====== Data under study

Lemma in_udisk_x (p x : Pt) : in_udisk p x -> `|x.1 - p.1| <= 1.
Proof.
rewrite /in_udisk => h; have := sqr_ge0 (x.2 - p.2).
by rewrite ler_norml; move=> *; apply/andP; split; nra.
Qed.

Definition shift_x (d : Reals_R) (p : Pt) : Pt := (p.1 + d, p.2).

Lemma in_udisk_shift_x d p q t :
  in_udisk (shift_x d p) (circ_pt (shift_x d q) t) <-> in_udisk p (circ_pt q t).
Proof.
rewrite /in_udisk /circ_pt /shift_x /=.
by have -> : q.1 + d + cos t - (p.1 + d) = q.1 + cos t - p.1 by ring.
Qed.

Section Copies.
Variables (k : nat) (k_gt0 : (0 < k)%N) (C : 'I_k -> Pt).
Hypothesis C_inj : injective C.

Let width : Reals_R := \sum_l `|(C l).1|.

Let norm_x_le l : `|(C l).1| <= width.
Proof. by rewrite /width (bigD1 l) //= lerDl sumr_ge0. Qed.

Variable N : nat.

Definition copy_index (i : 'I_N) : 'I_k := Ordinal (ltn_pmod i k_gt0).

Definition copies (i : 'I_N) : Pt :=
  shift_x ((2 * width + 5) * (i %/ k)%N%:R) (C (copy_index i)).

Lemma copies_far (i j : 'I_N) :
  (i %/ k != j %/ k)%N -> 2 < `|(copies i).1 - (copies j).1|.
Proof.
move=> ne; rewrite /copies /shift_x /=.
have := norm_x_le (copy_index i); have := norm_x_le (copy_index j).
rewrite !ler_norml => /andP[? ?] /andP[? ?].
have : 0 <= width by apply: le_trans (norm_x_le (copy_index i)).
rewrite ltr_normr; case: (ltngtP (i %/ k) (j %/ k)) ne => // lt_ij _ r0.
  have : (i %/ k).+1%:R <= (j %/ k)%:R :> Reals_R by rewrite ler_nat.
  by rewrite -addn1 natrD => ?; apply/orP; right; nra.
have : (j %/ k).+1%:R <= (i %/ k)%:R :> Reals_R by rewrite ler_nat.
by rewrite -addn1 natrD => ?; apply/orP; left; nra.
Qed.

Lemma eq_copy_index (i j : 'I_N) :
  (i %/ k = j %/ k)%N -> copy_index i = copy_index j -> i = j.
Proof.
move=> e1 /(congr1 val) /= e2; apply: val_inj.
by rewrite /= (divn_eq i k) (divn_eq j k) e1 e2.
Qed.

Lemma copies_inj : injective copies.
Proof.
move=> i j e.
have e1 : (i %/ k = j %/ k)%N.
  have [//|/copies_far] := eqVneq (i %/ k)%N (j %/ k)%N.
  by rewrite e subrr normr0 ltNge ler0n.
apply: eq_copy_index => //; apply: C_inj.
move: e; rewrite /copies /shift_x e1 => -[ex ey].
have ex' : (C (copy_index i)).1 = (C (copy_index j)).1 by lra.
by apply: injective_projections.
Qed.

Lemma depth_copies : depth_le copies k.
Proof.
move=> x; rewrite -[k]card_ord; apply: (@leq_card_in _ _ copy_index).
move=> i j; rewrite !inE => /asboolP /in_udisk_x hi /asboolP /in_udisk_x hj.
apply: eq_copy_index; have [//|/copies_far] := eqVneq (i %/ k)%N (j %/ k)%N.
rewrite ltNge ler_norml => /negP[]; apply/andP.
by move: hi hj; rewrite !ler_norml => /andP[? ?] /andP[? ?]; split; lra.
Qed.

Section CopiesStacking.
Variable f : {perm 'I_N}.

Let q := (N %/ k).+1.

Let copy_lt (i : 'I_N) : (i %/ k < q)%N.
Proof. by rewrite ltnS leq_div2r // ltnW. Qed.

Let copy (i : 'I_N) : 'I_q := Ordinal (copy_lt i).

Let copy_eq (i j : 'I_N) : copy i = copy j -> copy_index i = copy_index j -> i = j.
Proof. by move/(congr1 val); exact: eq_copy_index. Qed.

(* Heights of the disks of the [a]-th translate, padded injectively when the
   last translate is incomplete. *)
Let copy_key (a : 'I_q) (l : 'I_k) : nat :=
  if [pick i : 'I_N | (copy i == a) && (copy_index i == l)] is Some i
  then f i else (N + l)%N.

Let copy_key_index (i : 'I_N) : copy_key (copy i) (copy_index i) = f i.
Proof.
rewrite /copy_key; case: pickP => [j /andP[/eqP e1 /eqP e2]|/(_ i)].
  by rewrite (copy_eq e1 e2).
by rewrite !eqxx.
Qed.

Let copy_key_inj a : injective (copy_key a).
Proof.
move=> l l'; rewrite /copy_key.
case: pickP => [i /andP[/eqP e1 /eqP e2]|_];
  case: pickP => [j /andP[/eqP e3 /eqP e4]|_].
- by move/val_inj/perm_inj => ij; rewrite -e2 -e4 ij.
- by move=> e; have := ltn_ord (f i); rewrite e ltnNge leq_addr.
- by move=> e; have := ltn_ord (f j); rewrite -e ltnNge leq_addr.
- by move/eqP; rewrite eqn_add2l => /eqP /val_inj.
Qed.

Let copy_perm a : {perm 'I_k} := sval (cid (exists_perm_of_key (@copy_key_inj a))).

Let copy_permP a l l' : (copy_perm a l' < copy_perm a l)%N = (copy_key a l' < copy_key a l)%N.
Proof. exact: (svalP (cid (exists_perm_of_key (@copy_key_inj a)))). Qed.

Let visible_angles_copies (i : 'I_N) :
  (visible_angles copies f i `<=` visible_angles C (copy_perm (copy i)) (copy_index i))%classic.
Proof.
move=> t [t_angle vis_t]; split => // l' below_i.
have : (copy_key (copy i) l' < f i)%N by rewrite -copy_key_index -copy_permP.
rewrite /copy_key; case: pickP => [j /andP[/eqP e1 /eqP e2]|_]; last first.
  by move=> top; have := ltn_ord (f i); rewrite ltnNge (leq_trans _ (ltnW top)) ?leq_addr.
move/vis_t; rewrite /copies -e2.
have -> : (j %/ k)%N = (i %/ k)%N by move/(congr1 val): e1.
by move=> h /in_udisk_shift_x.
Qed.

Lemma vis_copies : vis copies f <= (N %/ k).+1%:R * maxvis C.
Proof.
pose h (p : 'I_q * 'I_k) := arclen (visible_angles C (copy_perm p.1) p.2).
pose split_index (i : 'I_N) := (copy i, copy_index i).
have split_inj : injective split_index.
  by move=> i j [e1 e2]; apply: eq_copy_index => //; apply: val_inj.
apply: (@le_trans _ _ (\sum_i h (split_index i))).
  apply: ler_sum => i _; apply: le_arclen; first exact: visible_angles_copies.
  exact: visible_angles_sub.
rewrite -(big_imset _ (in2W split_inj)) /=.
apply: (@le_trans _ _ (\sum_p h p)).
  rewrite [X in _ <= X](bigID (mem [set split_index x | x in 'I_N]%SET)) /= lerDl.
  by apply: sumr_ge0 => p _; exact: arclen_ge0.
rewrite -(pair_big xpredT xpredT
  (fun a l => arclen (visible_angles C (copy_perm a) l))) /=.
apply: (@le_trans _ _ (\sum_(a < q) maxvis C)).
  by apply: ler_sum => a _; exact: le_vis_maxvis.
by rewrite sumr_const card_ord mulr_natl.
Qed.

End CopiesStacking.
End Copies.

Lemma v_le_copies k c (C : 'I_k -> Pt) : (0 < k)%N -> injective C ->
  v c <= (c %/ k).+1%:R * maxvis C.
Proof.
move=> k0 iC; apply: le_trans (v_le_maxvis (@copies_inj _ k0 _ iC c)) _.
have [f fmax] := maxvis_attained (copies k0 C (N := c)).
exact: le_trans fmax (vis_copies k0 C f).
Qed.

Lemma v_mul_le_maxvis k c (C : 'I_k -> Pt) : (0 < k)%N -> (k <= c)%N ->
  injective C -> v c * k%:R <= 2 * c%:R * maxvis C.
Proof.
move=> k0 kc iC; have := v_le_copies c k0 iC.
have : ((c %/ k).+1 * k <= 2 * c)%N by have := leq_divM c k; rewrite mulSn; lia.
rewrite -(ler_nat Reals_R) natrM (natrM _ 2 c) => ? ?.
by have := maxvis_ge0 C; have : 0 <= k%:R :> Reals_R by []; nra.
Qed.

Lemma copies_vis_le c m : (0 < c)%N -> (0 < m)%N ->
  exists C : 'I_(m * c) -> Pt, injective C /\ depth_le C c /\
    forall f, vis C f <= 4 * v c * m%:R.
Proof.
move=> c0 m0; have [C0 [iC0 C0_small]] := v_almost_attained c0.
exists (copies c0 C0 (N := m * c)); split; first exact: copies_inj.
split=> [|f]; first exact: depth_copies.
apply: le_trans (vis_copies c0 C0 f) _; rewrite mulnK //.
have : 1 <= m%:R :> Reals_R by rewrite ler1n.
by have := maxvis_ge0 C0; rewrite -addn1 natrD; nra.
Qed.

Lemma floor_mod5_far (u w : Reals_R) :
  Num.floor (2 * u) != Num.floor (2 * w) ->
  `|(Num.floor (2 * u) %% 5)%Z|%N = `|(Num.floor (2 * w) %% 5)%Z|%N ->
  2 < `|u - w|.
Proof.
set a := Num.floor (2 * u); set b := Num.floor (2 * w) => ne eq_mod.
have e : (a %% 5 = b %% 5)%Z.
  by move/(congr1 Posz): eq_mod; rewrite !abszE !ger0_norm // modz_ge0.
pose d : int := (a %/ 5)%Z - (b %/ 5)%Z.
have ab : a - b = d * 5 by rewrite {1}(divz_eq a 5) {1}(divz_eq b 5) e /d; ring.
have d_ne0 : d != 0 by apply: contra ne => /eqP d0; rewrite -subr_eq0 ab d0 mul0r.
have abR : (a%:~R - b%:~R : Reals_R) = d%:~R * 5.
  by rewrite -intrB ab intrM.
have /andP[? ?] := mem_rg1_floor (2 * u); have /andP[? ?] := mem_rg1_floor (2 * w).
rewrite ltr_normr; case: (ltgtP d 0) d_ne0 => // [dlt|dgt] _; apply/orP.
  have : (d%:~R : Reals_R) <= -1 by rewrite -(intrN _ 1) ler_int -ltzD1 addNr.
  by move=> ?; right; rewrite -/a -/b in abR *; lra.
have : (1 : Reals_R) <= d%:~R by rewrite ler1z.
by move=> ?; left; rewrite -/a -/b in abR *; lra.
Qed.

Section GridStacking.
Variables (n c : nat) (C : 'I_n -> Pt).
Hypothesis C_inj : injective C.

(* [cell i] indexes the square of side 1/2 containing the centre of disk [i]. *)
Definition cell i : int * int := (Num.floor (2 * (C i).1), Num.floor (2 * (C i).2)).

Definition colour_of (z : int * int) : 'I_5 * 'I_5 :=
  (inord `|(z.1 %% 5)%Z|, inord `|(z.2 %% 5)%Z|).

Definition colour i := colour_of (cell i).

Lemma absz_mod5_lt (z : int) : (`|(z %% 5)%Z| < 5)%N.
Proof. by rewrite -ltz_nat abszE ger0_norm ?modz_ge0 // ltz_pmod. Qed.

Lemma colour_far i j t : colour i = colour j -> cell i != cell j ->
  ~ in_udisk (C j) (circ_pt (C i) t).
Proof.
move=> [/(congr1 val) ex /(congr1 val) ey] ne hin.
rewrite /= !inordK ?absz_mod5_lt // in ex ey.
move: ne; rewrite /cell xpair_eqE negb_and => /orP[] ne.
  by have := floor_mod5_far ne ex; rewrite ltNge (in_udisk_circ_pt_x hin).
by have := floor_mod5_far ne ey; rewrite ltNge (in_udisk_circ_pt_y hin).
Qed.

Definition cell_centre (z : int * int) : Pt :=
  ((z.1%:~R + 1/2) / 2, (z.2%:~R + 1/2) / 2).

============

* Required work *
Transcribe the lines from the first line of the records through the line that contains "have e1 : (i %/ k = j %/ k)%N.", both included, and add nothing else.

* Written response *
Lemma in_udisk_x (p x : Pt) : in_udisk p x -> `|x.1 - p.1| <= 1.
Proof.
rewrite /in_udisk => h; have := sqr_ge0 (x.2 - p.2).
by rewrite ler_norml; move=> *; apply/andP; split; nra.
Qed.

Definition shift_x (d : Reals_R) (p : Pt) : Pt := (p.1 + d, p.2).

Lemma in_udisk_shift_x d p q t :
  in_udisk (shift_x d p) (circ_pt (shift_x d q) t) <-> in_udisk p (circ_pt q t).
Proof.
rewrite /in_udisk /circ_pt /shift_x /=.
by have -> : q.1 + d + cos t - (p.1 + d) = q.1 + cos t - p.1 by ring.
Qed.

Section Copies.
Variables (k : nat) (k_gt0 : (0 < k)%N) (C : 'I_k -> Pt).
Hypothesis C_inj : injective C.

Let width : Reals_R := \sum_l `|(C l).1|.

Let norm_x_le l : `|(C l).1| <= width.
Proof. by rewrite /width (bigD1 l) //= lerDl sumr_ge0. Qed.

Variable N : nat.

Definition copy_index (i : 'I_N) : 'I_k := Ordinal (ltn_pmod i k_gt0).

Definition copies (i : 'I_N) : Pt :=
  shift_x ((2 * width + 5) * (i %/ k)%N%:R) (C (copy_index i)).

Lemma copies_far (i j : 'I_N) :
  (i %/ k != j %/ k)%N -> 2 < `|(copies i).1 - (copies j).1|.
Proof.
move=> ne; rewrite /copies /shift_x /=.
have := norm_x_le (copy_index i); have := norm_x_le (copy_index j).
rewrite !ler_norml => /andP[? ?] /andP[? ?].
have : 0 <= width by apply: le_trans (norm_x_le (copy_index i)).
rewrite ltr_normr; case: (ltngtP (i %/ k) (j %/ k)) ne => // lt_ij _ r0.
  have : (i %/ k).+1%:R <= (j %/ k)%:R :> Reals_R by rewrite ler_nat.
  by rewrite -addn1 natrD => ?; apply/orP; right; nra.
have : (j %/ k).+1%:R <= (i %/ k)%:R :> Reals_R by rewrite ler_nat.
by rewrite -addn1 natrD => ?; apply/orP; left; nra.
Qed.

Lemma eq_copy_index (i j : 'I_N) :
  (i %/ k = j %/ k)%N -> copy_index i = copy_index j -> i = j.
Proof.
move=> e1 /(congr1 val) /= e2; apply: val_inj.
by rewrite /= (divn_eq i k) (divn_eq j k) e1 e2.
Qed.

Lemma copies_inj : injective copies.
Proof.
move=> i j e.
have e1 : (i %/ k = j %/ k)%N.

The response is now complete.